Depuis un demi-siècle, l'essentiel des efforts de la fabrique urbaine porte sur la construction neuve, toujours plus loin. Mais 80 % de la ville de 2050 est déjà là : c'est son adaptation, bien plus que la construction neuve, qui devrait être la priorité.
Le vrai enjeu : tout le stock, pas seulement le flux
La France construit environ 350 000 logements neufs par an, mais les débats se concentrent trop souvent sur ce chiffre alors que l'enjeu concerne l'ensemble des 36 millions de logements du pays. Le pays compte déjà plus de trois millions de logements vacants — un potentiel largement sous-exploité pour recréer une offre de qualité dans les centres urbains, aux côtés d'une vacance parfois spéculative liée aux plateformes de location touristique.
Sur le plan énergétique, la Stratégie nationale bas carbone prévoit une réduction de 95 % du budget carbone du secteur du bâtiment d'ici 2050. Avec trois millions de chaudières au fioul encore en fonctionnement et l'essentiel du parc construit avant 2000 à réhabiliter, l'ampleur de la tâche impose une réhabilitation globale plutôt que des gestes techniques partiels.
L'urbanisme circulaire, une réponse par les boucles
C'est dans ce chapitre que le livre introduit le concept d'urbanisme circulaire développé par Sylvain Grisot dans son Manifeste : chercher d'abord la réponse à nos besoins dans la ville existante, à travers cinq boucles complémentaires. Éviter de construire, en intensifiant les usages des bâtiments déjà là. Éviter de déconstruire, par la transformation du bâti existant. Densifier dans l'enveloppe urbaine déjà consommée. Recycler des espaces urbains en friche. Renaturer enfin certains espaces, en leur rendant des usages naturels.
Repenser ainsi la ville suppose de reconsidérer le territoire non comme un bien économique quelconque, mais comme un commun : l'article 1 du Code de l'urbanisme rappelle que « le territoire français est le patrimoine commun de la nation ».

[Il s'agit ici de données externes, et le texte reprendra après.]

(* Fix integers $k \ge 3$ and $i \in \{2,\dots,k-1\}$, and let $T = \{1,\dots,k\}\setminus\{i\}$. Let $d \ge 1$ and let $X \subset \mathbb{Z}_k^d$ be a hole in $\mathbb{Z}_k^d$. Then for any distinct elements $x_1,\dots,x_m \in X$, the set $(X\setminus\{x_1,\dots,x_m\})^{\dagger m}$ is a hole in $\mathbb{Z}_k^{d+m}$.
   Context: $\mathbb{Z}_k$ denotes the integers modulo $k$, with elements $0,\dots,k-1$. A copy of $T$ in $\mathbb{Z}_k^e$ is a set $\{x + j e_s : j \in \mathbb{Z}_k,\ j \ne j_0\}$ for some $x \in \mathbb{Z}_k^e$, $s\in\{1,\dots,e\}$ ($e_s$ the $s$-th unit vector), $j_0\in\mathbb{Z}_k$ (a coordinate line minus one point). A set $Y \subset \mathbb{Z}_k^e$ is a hole in $\mathbb{Z}_k^e$ if $\mathbb{Z}_k^e \setminus Y$ is a disjoint union of copies of $T$. For $S \subset \mathbb{Z}_k^e$, define $S^{\dagger} = (S \times \{0\}) \cup \{c_{e+1,e+1}\} \subset \mathbb{Z}_k^{e+1}$, where $c_{e+1,e+1}$ is the point of $\mathbb{Z}_k^{e+1}$ with last coordinate $k-1$ and all other coordinates $0$. For $m\ge1$, $S^{\dagger m}$ denotes the result of $m$ consecutive applications of $\dagger$ to $S$ (each time in the dimension of the current ambient torus), a subset of $\mathbb{Z}_k^{e+m}$. *)

From mathcomp Require Import all_boot all_order all_algebra.
Set Implicit Arguments. Unset Strict Implicit. Unset Printing Implicit Defensive.
Import GRing.Theory.
Local Open Scope ring_scope.

(* Points of the torus Z_k^e (to be used with k >= 2). *)
Definition pt (k e : nat) := {ffun 'I_e -> 'Z_k}.

Definition shift (k e : nat) (x : pt k e) (s : 'I_e) (j : 'Z_k) : pt k e :=
  [ffun t => x t + (if t == s then j else 0)].

(* C is a copy of T: a coordinate line minus one point. *)
Definition is_copy (k e : nat) (C : {set pt k e}) : Prop :=
  exists (x : pt k e) (s : 'I_e) (j0 : 'Z_k),
    C = [set shift x s j | j in [pred j : 'Z_k | j != j0]].

Definition is_hole (k e : nat) (Y : {set pt k e}) : Prop :=
  exists P : {set {set pt k e}},
    [/\ (forall C, C \in P -> is_copy C), trivIset P & cover P = ~: Y].

Definition ext0 (k e : nat) (x : pt k e) : pt k e.+1 :=
  [ffun t => match unlift ord_max t with Some t' => x t' | None => 0 end].

(* c_{e+1,e+1}: last coordinate k-1, others 0 *)
Definition cpt (k e : nat) : pt k e.+1 :=
  [ffun t => if t == ord_max then -1 else 0].

Definition dagger (k e : nat) (S : {set pt k e}) : {set pt k e.+1} :=
  (@ext0 k e @: S) :|: [set cpt k e].

Fixpoint daggern (k e m : nat) (S : {set pt k e}) : {set pt k (m + e)} :=
  match m return {set pt k (m + e)} with
  | 0 => S
  | m'.+1 => dagger (daggern m' S)
  end.

From mathcomp Require Import all_boot all_order all_algebra.
Set Implicit Arguments. Unset Strict Implicit. Unset Printing Implicit Defensive.
Import GRing.Theory.
Local Open Scope ring_scope.

(* Let y be a point of the hole Y. The complement of dagger (Y :\ y) in
   Z_k^(e+1) is (~: Y) x {0}, tiled by lifting a tiling of ~: Y, together
   with F(y, 0), where F(y, w) consists of the points with nonzero last
   coordinate other than (w, -1), plus the point (y, 0). Each F(y, w) is tiled
   by induction on e: the lines in the first coordinate direction through the
   points with nonzero last coordinate, each punctured once, cover F(y, w)
   except for a copy of F(y', w') in the hyperplane where the first coordinate
   is y_1. Since dagger commutes with deleting a point of the base layer,
   removing x_1, ..., x_m one at a time proves the theorem. *)

Definition tileable (k e : nat) (S : {set pt k e}) : Prop :=
  exists P : {set {set pt k e}},
    [/\ (forall C, C \in P -> is_copy C), trivIset P & cover P = S].

Section Tiling.
Variables k e : nat.
Implicit Types A B : {set pt k e}.

Lemma tileable_copy A : is_copy A -> tileable A.
Proof.
move=> copyA; exists [set A]; split; rewrite ?cover1 ?trivIset1 //.
by move=> C; rewrite inE => /eqP->.
Qed.

Lemma tileable_setU A B :
  [disjoint A & B] -> tileable A -> tileable B -> tileable (A :|: B).
Proof.
move=> AB [PA [copyA tiA eA]] [PB [copyB tiB eB]]; exists (PA :|: PB); split.
- by move=> C /setUP[]; [apply: copyA | apply: copyB].
- by apply: trivIsetU; rewrite ?eA ?eB.
- by rewrite -eA -eB /cover bigcup_setU.
Qed.

Lemma tileable_bigcup (I : finType) (P : pred I) (L : I -> {set pt k e}) :
  (forall i, P i -> is_copy (L i)) ->
  (forall i j, P i -> P j -> i != j -> [disjoint L i & L j]) ->
  tileable (\bigcup_(i | P i) L i).
Proof.
move=> copyL disjL; exists (L @: P); split; last by rewrite cover_imset.
- by move=> _ /imsetP[i Pi ->]; apply: copyL.
- apply/trivIsetP => _ _ /imsetP[i Pi ->] /imsetP[j Pj ->] neLij.
  by apply: disjL => //; apply: contraNneq neLij => ->.
Qed.

End Tiling.

Lemma tileable_imset (k e e' : nat) (f : pt k e -> pt k e') (g : 'I_e -> 'I_e')
    (A : {set pt k e}) :
  injective f -> (forall x s j, f (shift x s j) = shift (f x) (g s) j) ->
  tileable A -> tileable (f @: A).
Proof.
move=> inj_f f_shift [P [copyP tiP <-]].
exists ((fun C : {set pt k e} => f @: C) @: P); split.
- move=> _ /imsetP[C /copyP[x [s [j0 ->]]] ->].
  exists (f x), (g s), j0; rewrite -imset_comp.
  by apply: eq_imset => j; exact: f_shift.
- by rewrite imset_trivIset.
- by rewrite cover_imset imset_cover.
Qed.

Section Coordinates.
Variable k : nat.

Definition ins_pt e (i0 : 'I_e.+1) (x : pt k e) (t : 'Z_k) : pt k e.+1 :=
  [ffun i => if unlift i0 i is Some i' then x i' else t].

Definition del_pt e (i0 : 'I_e.+1) (p : pt k e.+1) : pt k e :=
  [ffun j => p (lift i0 j)].

Variables (e : nat) (i0 : 'I_e.+1).

Lemma ins_pt_at x t : ins_pt i0 x t i0 = t.
Proof. by rewrite ffunE unlift_none. Qed.

Lemma ins_pt_lift x t j : ins_pt i0 x t (lift i0 j) = x j.
Proof. by rewrite ffunE liftK. Qed.

Lemma pt_eq_at (p q : pt k e.+1) :
  p i0 = q i0 -> (forall j, p (lift i0 j) = q (lift i0 j)) -> p = q.
Proof.
by move=> eq_i0 eq_lift; apply/ffunP => i; case: (unliftP i0 i) => [j|]->.
Qed.

Variant ins_pt_spec : pt k e.+1 -> Type :=
  InsPt x t : ins_pt_spec (ins_pt i0 x t).

Lemma ins_ptP p : ins_pt_spec p.
Proof.
suff -> : p = ins_pt i0 (del_pt i0 p) (p i0) by [].
by apply: pt_eq_at => [|j]; rewrite ?ins_pt_at ?ins_pt_lift ?ffunE.
Qed.

Lemma ins_pt_eq x x' t t' :
  (ins_pt i0 x t == ins_pt i0 x' t') = (x == x') && (t == t').
Proof.
apply/eqP/andP => [eq_ins | [/eqP-> /eqP->]] //; split; apply/eqP.
  by apply/ffunP => j; rewrite -(ins_pt_lift x t) eq_ins ins_pt_lift.
by rewrite -(ins_pt_at x t) eq_ins ins_pt_at.
Qed.

Lemma ins_pt_injl t : injective (ins_pt i0 ^~ t).
Proof. by move=> x x' /eqP; rewrite ins_pt_eq eqxx andbT => /eqP. Qed.

Lemma mem_ins_pt_imset (S : {set pt k e}) a x t :
  (ins_pt i0 x t \in (ins_pt i0 ^~ a) @: S) = (t == a) && (x \in S).
Proof.
apply/imsetP/andP => [[z zS /eqP] | [/eqP-> xS]]; last by exists x.
by rewrite ins_pt_eq => /andP[/eqP-> /eqP->].
Qed.

Lemma ins_pt_shift t x s j :
  ins_pt i0 (shift x s j) t = shift (ins_pt i0 x t) (lift i0 s) j.
Proof.
apply: pt_eq_at => [|i]; rewrite !ffunE ?unlift_none ?liftK.
  by rewrite (negbTE (neq_lift _ _)) addr0.
by rewrite ffunE (inj_eq (@lift_inj _ _)).
Qed.

Lemma shift_ins_pt x t : shift (ins_pt i0 x 0) i0 t = ins_pt i0 x t.
Proof.
apply: pt_eq_at => [|i]; rewrite !ffunE ?unlift_none ?liftK ?eqxx ?add0r //.
by rewrite eq_sym (negbTE (neq_lift _ _)) addr0.
Qed.

Definition punctured_line (u : pt k e) (j0 : 'Z_k) : {set pt k e.+1} :=
  [set ins_pt i0 u j | j in [pred j : 'Z_k | j != j0]].

Lemma is_copy_punctured_line u j0 : is_copy (punctured_line u j0).
Proof.
by exists (ins_pt i0 u 0), i0, j0; apply: eq_imset => j; rewrite shift_ins_pt.
Qed.

Lemma mem_punctured_line u j0 x t :
  (ins_pt i0 x t \in punctured_line u j0) = (x == u) && (t != j0).
Proof.
apply/imsetP/andP => [[j /= nj /eqP] | [/eqP-> nt]]; last by exists t.
by rewrite ins_pt_eq => /andP[-> /eqP->].
Qed.

Section PuncturedLines.
Variables (D : pred (pt k e)) (miss : pt k e -> 'Z_k).

Lemma mem_punctured_lines x t :
  (ins_pt i0 x t \in \bigcup_(u | D u) punctured_line u (miss u)) =
  D x && (t != miss x).
Proof.
apply/bigcupP/andP => [[u Du] | [Dx nt]].
  by rewrite mem_punctured_line => /andP[/eqP-> ->].
by exists x; rewrite ?mem_punctured_line ?eqxx.
Qed.

Lemma tileable_punctured_lines :
  tileable (\bigcup_(u | D u) punctured_line u (miss u)).
Proof.
apply: tileable_bigcup => [u _ | u v _ _ neq_uv].
  exact: is_copy_punctured_line.
rewrite -setI_eq0; apply/eqP/setP => p; case: (ins_ptP p) => x t.
rewrite in_setI in_set0 !mem_punctured_line.
by case: (x =P u) => //= ->; rewrite (negbTE neq_uv) andbF.
Qed.

End PuncturedLines.
End Coordinates.

Arguments pt_eq_at {k e} i0 {p q}.
Arguments ins_ptP {k e} i0 p.

Lemma ins_pt_comm (k n : nat) (x : pt k n) a t :
  ins_pt ord_max (ins_pt ord0 x a) t = ins_pt ord0 (ins_pt ord_max x t) a.
Proof.
have max_lift0 : (ord_max : 'I_n.+2) = lift ord0 ord_max by apply: val_inj.
apply: (pt_eq_at ord_max) => [|j].
  by rewrite max_lift0 !(ins_pt_at, ins_pt_lift).
rewrite ins_pt_lift; case: (unliftP ord0 j) => [j' ->|->].
  have -> : lift ord_max (lift ord0 j') = lift ord0 (lift ord_max j' : 'I_n.+1).
    by apply: val_inj; rewrite /= /bump /= !add1n ltnS (leqNgt n j') ltn_ord.
  by rewrite !ins_pt_lift.
have -> : lift ord_max (ord0 : 'I_n.+1) = ord0 :> 'I_n.+2 by apply: val_inj.
by rewrite !ins_pt_at.
Qed.

Section SwappedLayers.
Variable k : nat.

Lemma oppr1_neq0 : (-1 : 'Z_k) != 0.
Proof. by rewrite oppr_eq0 oner_neq0. Qed.

Definition swapped_layers e (y w : pt k e) : {set pt k e.+1} :=
  [set p : pt k e.+1 | p ord_max != 0] :\ ins_pt ord_max w (-1)
  :|: [set ins_pt ord_max y 0].

Lemma mem_swapped_layers e (y w x : pt k e) t :
  (ins_pt ord_max x t \in swapped_layers y w) =
  (t != 0) && ~~ ((x == w) && (t == -1)) || (x == y) && (t == 0).
Proof. by rewrite !inE !ins_pt_eq ins_pt_at andbC. Qed.

Lemma swapped_layers0 (y w : pt k 0) :
  swapped_layers y w = punctured_line ord_max y (-1).
Proof.
have pt0_eq (x x' : pt k 0) : x == x' by apply/eqP/ffunP => -[].
apply/setP => p; case: (ins_ptP ord_max p) => x t.
rewrite mem_swapped_layers mem_punctured_line !pt0_eq /=.
by case: (t =P 0) => [->|_]; rewrite ?orbF ?orbT // eq_sym oppr1_neq0.
Qed.

Section Step.
Variables (n : nat) (y w : pt k n) (y0 w0 : 'Z_k).
Let miss (u : pt k n.+1) := if u == ins_pt ord_max w (-1) then w0 else y0.

Lemma swapped_layersS :
  swapped_layers (ins_pt ord0 y y0) (ins_pt ord0 w w0) =
  \bigcup_(u : pt k n.+1 | u ord_max != 0) punctured_line ord0 u (miss u)
  :|: (ins_pt ord0 ^~ y0) @: swapped_layers y w.
Proof.
apply/setP => p; case: (ins_ptP ord0 p) => u c; case: (ins_ptP ord_max u) => v s.
rewrite [in RHS]in_setU mem_punctured_lines mem_ins_pt_imset -ins_pt_comm.
rewrite !mem_swapped_layers ins_pt_at /miss !ins_pt_eq.
case: (s =P -1) => [->|_]; rewrite ?(negbTE oppr1_neq0);
by case: (v == w); case: (v == y); case: (c == w0); case: (c == y0);
  case: (s == 0).
Qed.

Lemma tileable_swapped_layersS :
  tileable (swapped_layers y w) ->
  tileable (swapped_layers (ins_pt ord0 y y0) (ins_pt ord0 w w0)).
Proof.
move=> tile_yw; rewrite swapped_layersS; apply: tileable_setU.
- rewrite -setI_eq0; apply/eqP/setP => p.
  case: (ins_ptP ord0 p) => u c; case: (ins_ptP ord_max u) => v s.
  rewrite in_setI in_set0 mem_punctured_lines mem_ins_pt_imset.
  rewrite mem_swapped_layers ins_pt_at /miss ins_pt_eq.
  by case: (s == 0); case: (v == w); case: (s == -1); case: (c == y0);
    case: (v == y); rewrite /= ?andbF.
- exact: tileable_punctured_lines.
- by apply: tileable_imset tile_yw; [exact: ins_pt_injl | exact: ins_pt_shift].
Qed.

End Step.

Lemma tileable_swapped_layers e (y w : pt k e) : tileable (swapped_layers y w).
Proof.
elim: e y w => [|n IH] y w.
  by rewrite swapped_layers0; apply/tileable_copy/is_copy_punctured_line.
case: (ins_ptP ord0 y) => y' y0; case: (ins_ptP ord0 w) => w' w0.
exact/tileable_swapped_layersS/IH.
Qed.

End SwappedLayers.

Section Dagger.
Variable k : nat.

Lemma ext0E e : @ext0 k e = ins_pt ord_max ^~ 0.
Proof. by []. Qed.

Lemma cptE e : cpt k e = ins_pt ord_max 0 (-1).
Proof.
apply: (pt_eq_at ord_max) => [|j]; rewrite ?ins_pt_at ?ins_pt_lift ffunE ?eqxx //.
by rewrite eq_sym (negbTE (neq_lift _ _)) ffunE.
Qed.

Lemma mem_dagger e (S : {set pt k e}) x t :
  (ins_pt ord_max x t \in dagger S) =
  (t == 0) && (x \in S) || (x == 0) && (t == -1).
Proof. by rewrite in_setU ext0E mem_ins_pt_imset inE cptE ins_pt_eq. Qed.

Lemma mem_ext0_dagger e (S : {set pt k e}) x : (ext0 x \in dagger S) = (x \in S).
Proof.
rewrite ext0E mem_dagger eqxx [0 == _]eq_sym (negbTE (oppr1_neq0 k)).
by rewrite andbF orbF.
Qed.

Lemma dagger_setD1 e (S : {set pt k e}) x : dagger (S :\ x) = dagger S :\ ext0 x.
Proof.
apply/setP => p; case: (ins_ptP ord_max p) => z t.
rewrite [in RHS]in_setD1 ext0E !mem_dagger ins_pt_eq in_setD1.
case: (t =P 0) => [->|_]; rewrite ?[0 == _]eq_sym ?(negbTE (oppr1_neq0 k)) /=.
  by rewrite !andbF !orbF andbT.
by rewrite andbF.
Qed.

Lemma compl_dagger_setD1 e (Y : {set pt k e}) y :
  ~: dagger (Y :\ y) = ((ins_pt ord_max ^~ 0) @: ~: Y) :|: swapped_layers y 0.
Proof.
apply/setP => p; case: (ins_ptP ord_max p) => x t.
rewrite [in RHS]in_setU inE mem_dagger mem_ins_pt_imset mem_swapped_layers !inE.
case: (t =P 0) => [->|_]; rewrite ?[0 == _]eq_sym ?(negbTE (oppr1_neq0 k)) /=.
  by rewrite !andbF !orbF andbT; case: (x == y); case: (x \in Y).
by rewrite andbF orbF.
Qed.

Lemma hole_dagger_setD1 e (Y : {set pt k e}) y :
  is_hole Y -> y \in Y -> is_hole (dagger (Y :\ y)).
Proof.
move=> holeY Yy; change (tileable (~: dagger (Y :\ y))).
rewrite compl_dagger_setD1; apply: tileable_setU.
- rewrite -setI_eq0; apply/eqP/setP => p; case: (ins_ptP ord_max p) => x t.
  rewrite in_setI in_set0 mem_ins_pt_imset mem_swapped_layers inE.
  by case: (t == 0); case: (x =P y) => [->|]; rewrite ?Yy /= ?andbF.
- by apply: tileable_imset holeY; [exact: ins_pt_injl | exact: ins_pt_shift].
- exact: tileable_swapped_layers.
Qed.

Fixpoint ext0n e m (x : pt k e) : pt k (m + e) :=
  if m is m'.+1 then ext0 (ext0n m' x) else x.

Lemma daggern_setD1 e m (S : {set pt k e}) x :
  daggern m (S :\ x) = daggern m S :\ ext0n m x.
Proof. by elim: m => //= m ->; rewrite dagger_setD1. Qed.

Lemma mem_ext0n_daggern e m (S : {set pt k e}) x :
  (ext0n m x \in daggern m S) = (x \in S).
Proof. by elim: m => //= m <-; rewrite mem_ext0_dagger. Qed.

Lemma hole_daggern_setD e (X : {set pt k e}) (xs : seq (pt k e)) :
  is_hole X -> uniq xs -> {subset xs <= X} ->
  is_hole (daggern (size xs) (X :\: [set x in xs])).
Proof.
move=> holeX; elim/last_ind: xs => [|xs a IH] /=.
  by move=> _ _; rewrite (_ : X :\: _ = X) //; apply/setP => x; rewrite !inE.
rewrite rcons_uniq => /andP[xs'a uniq_xs] sub_xsa.
have -> : X :\: [set x in rcons xs a] = (X :\: [set x in xs]) :\ a.
  by apply/setP => x; rewrite !inE mem_rcons in_cons negb_or andbA.
rewrite size_rcons /= daggern_setD1; apply: hole_dagger_setD1.
  by apply: IH => // x xs_x; apply: sub_xsa; rewrite mem_rcons in_cons xs_x orbT.
by rewrite mem_ext0n_daggern !inE xs'a sub_xsa // mem_rcons mem_head.
Qed.

End Dagger.

Theorem corollary6 (k i d : nat) (X : {set pt k d}) (xs : seq (pt k d)) :
  (3 <= k)%N -> (2 <= i <= k - 1)%N -> (1 <= d)%N ->
  is_hole X ->
  uniq xs -> (forall x, x \in xs -> x \in X) -> (1 <= size xs)%N ->
  is_hole (daggern (size xs) (X :\: [set x in xs])).
Proof.
by move=> _ _ _ holeX uniq_xs sub_xs _; apply: hole_daggern_setD.
Qed.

Le foncier invisible et les nouveaux métiers
Rien qu'en Île-de-France, les premiers recensements ont permis de repérer plus de 2 700 friches pour près de 4 200 hectares. Ce foncier invisible, ajouté aux équipements publics sous-utilisés et au tissu pavillonnaire mal isolé, représente un gisement considérable pour répondre aux besoins sans étalement supplémentaire.
Cette transformation appelle, selon les auteurs, toute une génération de métiers encore émergents : urbaniste des temps, ingénieur en non-construction, picopromoteur, animateur des mutations pavillonnaires, aménageur agricole, écologue urbain, paysagiste du macadam.
« 80 % de la ville de 2050 est déjà là ! Les enjeux de l'adaptation de la ville existante sont donc la priorité. »
Les propositions du chapitre
- Rompre avec la démolition systématique des bâtiments existants pour favoriser leur réhabilitation.
- Mettre en place des politiques nationales et une mobilisation financière à la hauteur des enjeux d'adaptation du bâti et de la ville.
- Mobiliser l'ensemble des professionnels autour de l'adaptation globale du bâti et de la ville, au-delà des seules questions énergétiques.
- Investir dans la prise de conscience et le développement des compétences des professionnels.